Personal Digital (Web) Archiving: Guest Post by Nicholas Taylor

On April 18, 2014 By webarchrtIn Guest postLeave a comment

The following is a guest post by Nicholas Taylor, Web Archiving Service Manager for Stanford University Libraries.

Physical keepsakes like photos, letters, and vital documents have a thankfully long shelf-life with little affirmative effort. The susceptibility of the digital artifacts that increasingly replace them to loss or corruption has raised awareness about the heightened need to curate, manage, and protect these assets. Interest in “personal digital archiving” has grown significantly within the last few years, as demonstrated by three annual conferences on the topic, practical guidance developed by the National Digital Information Infrastructure and Preservation Program (NDIIPP) at the Library of Congress, as well as attention from other educational and cultural heritage institutions.

exhibits / 2012 National Book Festival, by wlef70

The recent focus on personal digital archiving as such only belatedly acknowledges the proliferation of personal digital assets worth archiving. The Web adds another layer of complexity, as files that were previously stored locally are scattered across the servers of many different service providers, each with varying degrees of commitment to data longevity to say nothing of their own long-term viability. As content that is natively web-based, social media and personal websites don’t decompose as intuitively into discrete files or with the same degree of fidelity to the original experience. As more of our data is hosted remotely, we need new approaches to continue to maintain our digital personal archives.

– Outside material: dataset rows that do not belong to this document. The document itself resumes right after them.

Lemma upd_other C i c k : i <> k -> upd C i c k = C k.
Proof. unfold upd. destruct (lockid_eq_dec i k); congruence. Qed.

Lemma lockid_other (j k : lockid) : j <> k -> forall i, i = j \/ i = k.
Proof. destruct j, k; intros Hjk []; intuition congruence. Qed.

Lemma prefix_app a b k : prefix (a ++ b) k = prefix a (prefix b k).
Proof. apply fold_right_app. Qed.

Inductive sym_step : lsym -> cells -> cells -> Prop :=
| sym_step_P i C : C i = Empty -> sym_step (P i) C (upd C i Full)
| sym_step_T i C : sym_step (T i) C (upd C i Empty).

Lemma lstep_iff Pr C S' :
  lstep (Pr, C) S' <->
  exists s u R C', Permutation Pr (prefix_sym s u :: R) /\ sym_step s C C' /\ S' = (u :: R, C').
Proof.
  split.
  - intros [(i & u & R & Hp & Hi & ->) | (i & u & R & Hp & ->)].
    + exists (P i), u, R, (upd C i Full). repeat split; auto. constructor; assumption.
    + exists (T i), u, R, (upd C i Empty). repeat split; auto. constructor.
  - intros (s & u & R & C' & Hp & Hs & ->).
    destruct Hs; [left | right]; eauto 6.
Qed.

(** * Two threads running words *)

(* The left word is followed by [✓] and the right one by [0]. *)
Definition wstate : Type := (list lsym * list lsym * cells)%type.

Inductive istep : wstate -> wstate -> Prop :=
| istep_left s a b C C' : sym_step s C C' -> istep (s :: a, b, C) (a, b, C')
| istep_right s a b C C' : sym_step s C C' -> istep (a, s :: b, C) (a, b, C').

Definition isteps : wstate -> wstate -> Prop := clos_refl_trans_1n wstate istep.

Lemma isteps_trans s1 s2 s3 : isteps s1 s2 -> isteps s2 s3 -> isteps s1 s3.
Proof.
  intros H12 H23. induction H12 as [|x y z Hxy _ IH]; [assumption|].
  econstructor; [exact Hxy | exact (IH H23)].
Qed.

Lemma isteps_map (g : wstate -> wstate) s s' :
  (forall t t', istep t t' -> istep (g t) (g t')) -> isteps s s' -> isteps (g s) (g s').
Proof.
  intros Hg H. induction H; [apply rt1n_refl | eapply rt1n_trans; eauto].
Qed.

Lemma isteps_swap a b C a' b' C' :
  isteps (a, b, C) (a', b', C') -> isteps (b, a, C) (b', a', C').
Proof.
  apply (isteps_map (fun '(a, b, C) => (b, a, C))).
  intros t t' H. destruct H; constructor; assumption.
Qed.

Lemma isteps_app_left f a b C a' b' C' :
  isteps (a, b, C) (a', b', C') -> isteps (a ++ f, b, C) (a' ++ f, b', C').
Proof.
  apply (isteps_map (fun '(a, b, C) => (a ++ f, b, C))).
  intros t t' H. destruct H; constructor; assumption.
Qed.

Lemma isteps_app_right e a b C a' b' C' :
  isteps (a, b, C) (a', b', C') -> isteps (a, b ++ e, C) (a', b' ++ e, C').
Proof.
  apply (isteps_map (fun '(a, b, C) => (a, b ++ e, C))).
  intros t t' H. destruct H; constructor; assumption.
Qed.

Lemma isteps_exec_right a w w' C C' :
  exec w C = Some C' -> isteps (a, w ++ w', C) (a, w', C').
Proof.
  revert C. induction w as [|[i|i] w IH]; intros C Hw; cbn in Hw.
  - injection Hw as <-. apply rt1n_refl.
  - destruct (C i) eqn:Hi; [|discriminate].
    eapply rt1n_trans; [constructor; constructor; exact Hi | exact (IH _ Hw)].
  - eapply rt1n_trans; [constructor; constructor | exact (IH _ Hw)].
Qed.

Lemma isteps_exec_left b w w' C C' :
  exec w C = Some C' -> isteps (w ++ w', b, C) (w', b, C').
Proof. intros Hw. apply isteps_swap, isteps_exec_right, Hw. Qed.

Lemma isteps_through_suffix a1 a2 b C b' C' :
  isteps (a1 ++ a2, b, C) ([], b', C') ->
  exists b0 C0, isteps (a1 ++ a2, b, C) (a2, b0, C0).
Proof.
  intros H. remember (a1 ++ a2, b, C) as s eqn:Hs. remember ([], b', C') as s' eqn:Hs'.
  revert a1 b C Hs. induction H as [s | s s1 s' Hstep Hrest IH]; intros a1 b C ->.
  - injection Hs' as Ha _ _. apply app_eq_nil in Ha as [-> ->].
    exists b, C. apply rt1n_refl.
  - destruct a1 as [|x a1]; [exists b, C; apply rt1n_refl|].
    inversion Hstep; subst.
    + destruct (IH eq_refl a1 _ _ eq_refl) as (b0 & C0 & Hrun).
      exists b0, C0. econstructor; eassumption.
    + destruct (IH eq_refl (x :: a1) _ _ eq_refl) as (b1 & C1 & Hrun).
      exists b1, C1. econstructor; eassumption.
Qed.

Definition blocked (C : cells) (w : list lsym) : Prop :=
  exists i r, w = P i :: r /\ C i = Full.

Definition deadlocked (s : wstate) : Prop :=
  let '(a, b, C) := s in blocked C a /\ (b = [] \/ blocked C b).

Definition stuck_at (C : cells) (w : list lsym) (i : lockid) : Prop :=
  exists w1 w2 C1, w = w1 ++ P i :: w2 /\ exec w1 C = Some C1 /\ C1 i = Full.

Lemma exec_some_or_stuck w C :
  (exists C', exec w C = Some C') \/ exists k, stuck_at C w k.
Proof.
  revert C. induction w as [|[i|i] w IH]; intros C; [left; exists C; reflexivity| |].
  - destruct (C i) eqn:Hi; [|right; exists i, [], w, C; auto].
    destruct (IH (upd C i Full)) as [(C' & Hw) | (k & w1 & w2 & C1 & -> & Hw1 & Hk)].
    + left. exists C'. cbn. rewrite Hi. exact Hw.
    + right. exists k, (P i :: w1), w2, C1. cbn. rewrite Hi. auto.
  - destruct (IH (upd C i Empty)) as [(C' & Hw) | (k & w1 & w2 & C1 & -> & Hw1 & Hk)].
    + left. exists C'. exact Hw.
    + right. exists k, (T i :: w1), w2, C1. auto.
Qed.

Lemma exec_untouched i w C C' :
  Forall (fun s => ~ mentions i s) w -> exec w C = Some C' -> C' i = C i.
Proof.
  revert C. induction w as [|s w IH]; intros C Hw Hexec; cbn in Hexec.
  - congruence.
  - inversion Hw as [|? ? Hs Hrest]; subst.
    destruct s as [k|k]; cbn in Hs; [destruct (C k); [|discriminate]|];
      rewrite (IH _ Hrest Hexec); apply upd_other; assumption.
Qed.

Lemma blocking_type_P_initial_full IS w i : blocking_type_P IS w i -> IS i = Full.
Proof.
  intros (w1 & w2 & C & _ & Hexec & Hi & Hw1).
  rewrite <- (exec_untouched _ _ _ _ Hw1 Hexec). exact Hi.
Qed.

NDIIPP offers some great tool- and platform-agnostic advice for preserving personal websites, blogs, and social media, focusing on identifying potential web content to preserve, deciding what’s actually important to preserve, copying the content, organizing it, and creating and managing distributed backups. I wanted to expand on the “copying” step, with attention to specific tools and platforms. There are a small but growing number of tools that are well-suited to copying simple websites and blogs, and popular platforms are increasingly providing mechanisms for exporting data in self-contained and structured formats.

Tools

The Web Archiving Integration Layer (WAIL) is a user-friendly interface in front of the tools used by many cultural heritage web archiving organizations: the Heritrix archival crawler and the Wayback web archive replay platform. WAIL supports one-click capture of an entire website and replay in a local instance of Wayback. Data is captured to the WARC format, which has the advantage of being the ISO standard web archiving preservation format of choice and allowing for a more faithful representation of the original website via the bundled Wayback. The downside is that WARC is a relatively opaque format to all but a few specialized applications. Given that WAIL has only one maintainer, in a personal archiving context it might make sense to also copy web content into more readily legible formats, in addition to WARC.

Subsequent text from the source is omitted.